Tuning Chemistry at the Interface: How Molecular Additives Are Changing CO₂ Reduction
In her PhD at the Interdisciplinary Nanoscience Center and Department of Chemistry, Kirstine Nygaard Kolding explored how small organic molecules can be used to improve copper-based catalysts for CO₂ electroreduction. Her work sheds light on how these additives change the reaction environment and could help make carbon-neutral chemical production more efficient and selective.
Making Useful Molecules from CO₂
Electrochemical CO₂ reduction is a process that uses electricity to turn carbon dioxide into useful chemicals and fuels. If powered by renewable energy, it could help lower greenhouse gas emissions and support a more sustainable chemical industry. One of the main challenges is designing catalysts that not only drive the reaction efficiently but also help form the products we want, such as ethylene or ethanol, rather than a mixture of other reduction products.
Copper is the only pure metal known to produce larger, multicarbon (C2+) molecules from CO₂. These multicarbon products are of interest as they can be used directly in chemical production or as fuels. But copper alone has limited selectivity.
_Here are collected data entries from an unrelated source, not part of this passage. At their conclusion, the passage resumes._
(* The assignment $(G,H)\mapsto\mathcal A_{lc}(G,H)$ is a functor from $(\text{Graphs})\times(\text{Graphs})$ to $\mathbb C$-algebras which is covariant in the first factor and contravariant in the second, where morphisms of graphs are the usual graph homomorphisms.
   Context: Graphs are finite with symmetric edge sets; write $v\sim w$ for adjacency; a graph homomorphism $\phi:G\to H$ is a map $V(G)\to V(H)$ with $v\sim w\Rightarrow\phi(v)\sim\phi(w)$. For graphs $G,H$, $\mathcal A_{lc}(G,H)$ is the unital complex algebra generated by $e_{v,x}$ ($v\in V(G)$, $x\in V(H)$) with relations: $\sum_{x}e_{v,x}=1$; $e_{v,x}^2=e_{v,x}$; $e_{v,x}e_{v,y}=0$ for $x\ne y$; $e_{v,x}e_{w,y}=0$ if $v\sim w$ and $x\not\sim y$; $e_{v,x}e_{w,y}=e_{w,y}e_{v,x}$ if $v\sim w$. *)

From HB Require Import structures.
From mathcomp Require Import all_boot all_algebra.
From mathcomp Require Import boolp Rstruct complex.
Set Implicit Arguments. Unset Strict Implicit. Unset Printing Implicit Defensive.
Import GRing.Theory.
Local Open Scope ring_scope.
Local Open Scope quotient_scope.

Notation C := (Rdefinitions.R[i]).

(** Finite graphs with symmetric adjacency relation (loops allowed). *)
Record graph := Graph { gV :> finType; adj : rel gV; adj_sym : symmetric adj }.
Arguments adj {g}.

Definition is_graph_hom (G H : graph) (f : G -> H) : Prop :=
  forall v w : G, adj v w -> adj (f v) (f w).

Definition ghom (G H : graph) := {f : G -> H | is_graph_hom f}.
Definition ghom_fun G H (f : ghom G H) : G -> H := proj1_sig f.
Coercion ghom_fun : ghom >-> Funclass.
Definition ghom_id (G : graph) : ghom G G := exist (@is_graph_hom G G) id (fun v w h => h).
Definition ghom_comp (G1 G2 G3 : graph) (g : ghom G2 G3) (f : ghom G1 G2) : ghom G1 G3 :=
  exist (@is_graph_hom G1 G3) (g \o f) (fun v w h => proj2_sig g _ _ (proj2_sig f _ _ h)).

(** A_lc(G,H): the universal unital complex algebra on generators e_{v,x},
    built as the quotient of the type of formal algebra expressions
    ([term]) by the least congruence [eqv] containing the unital associative
    C-algebra axioms and the defining relations of A_lc(G,H). *)
Section Alc.
Variables (G H : graph).

Inductive term : Type :=
| tC of C
| tgen of G & H
| tadd of term & term
| tmul of term & term.

Definition tsum (s : seq term) := foldr tadd (tC 0) s.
This is where molecular additives offer new possibilities. These are small organic molecules that stay on the surface and change the local environment of the metal surface.
Kirstine’s PhD research focused on understanding how these additives influence the reaction and how they can be used to steer it toward more valuable products.
Key Findings
- Organic additives can help guide the CO₂ conversion process by changing the conditions near the catalyst surface
- Additives may affect not only the reaction but also the catalyst’s structure during preparation
- Real-time measurements reveal the effects of surface additives on the behavior and accumulation of reaction intermediates at the surface during CO2 reduction
- Designing additives that can tailor the environment around active sites (for example, through electronic or secondary coordination sphere effects) is a promising approach to improving catalyst performance
Surface Engineering with Molecular Additives
The concept is to adjust how molecules such as CO2 interact with the catalyst by changing the interface between the metal and the electrolyte. The additives Kirstine studied were mostly organic molecules that interact with the copper surface and/or reaction intermediates.
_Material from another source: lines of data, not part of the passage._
Lemma card_Phi_lt w : (#|Phi w| < #|{: W n}|)%N.
Proof.
pose pair_of r : 'I_n * 'I_n := if r.2 then r.1 else (r.1.2, r.1.1).
have inj : {in Phi w &, injective pair_of}.
  move=> [[a b] c] [[a' b'] c']; rewrite !mem_Phi => /andP [+ _] /andP [+ _].
  by rewrite /pair_of /posroot; case: c; case: c' => /= pos pos' [e1 e2]; subst; rewrite //=; lia.
rewrite -(card_in_imset inj); apply: leq_ltn_trans (max_card _) _.
rewrite !card_prod card_ord card_Sn card_ffun card_bool card_ord.
case: n => //= m; apply: leq_ltn_trans (leq_mul (fact_geq m.+1) (leqnn m.+1)) _.
by rewrite ltn_pmul2l ?fact_gt0 // ltn_expl.
Qed.

Lemma len_Phi w : len w = #|Phi w|.
Proof.
rewrite /len; set P := fun m : nat => w \in reach n m.
have found : has P (iota 0 #|{: W n}|).
  by apply/hasP; exists #|Phi w|; [rewrite mem_iota card_Phi_lt | exact: reach_card_Phi].
have lt_find := found; rewrite has_find size_iota in lt_find.
apply/eqP; rewrite eqn_leq; apply/andP; split.
  rewrite leqNgt; apply/negP => /(before_find 0).
  by rewrite nth_iota ?card_Phi_lt // /P reach_card_Phi.
by have := nth_find 0 found; rewrite nth_iota // add0n => /card_Phi_reach.
Qed.

End SimpleReflections.

Section Ascents.
Variable n : nat.
Implicit Types (w : W n) (k : 'I_n) (d : 'I_n -> bool).

Definition ls_ascent d k : Prop := d k = false /\ ((k.+1 < n)%N -> d (nxt k) = true).

Lemma inWp_ascent w k : inWp w ->
  inWp (mulW w (sref k)) /\ (len w < len (mulW w (sref k)))%N <->
  img_simple w k \notin Phi w /\ (img_simple w k).2.
Proof.
rewrite /inWp !len_Phi card_Phi_mul Phi_mul => sub_w.
case: ifP => in_Phi /=.
  have : (0 < #|Phi w|)%N by apply/card_gt0P; exists (img_simple w k).
  by split => [[_]|[]] //; lia.
rewrite subUset sub1set sub_w andbT inE ltnSn.
have := posroot_img_simple w k; rewrite /posroot.
by case: (img_simple w k).2 => /= pos; split=> [[]|[]].
Qed.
Her research showed that even very small amounts of these additives can impact the catalyst’s performance. The additives can influence surface structure, shift electronic properties, or stabilize certain intermediates. Each of these effects helps determine the products formed during the reaction.
In some cases, additives helped reduce side reactions such as hydrogen evolution. In others, they improved selectivity toward specific multicarbon products. This type of surface tuning makes it possible to optimize CO₂ reduction systems using an affordable and abundant metal as the catalyst.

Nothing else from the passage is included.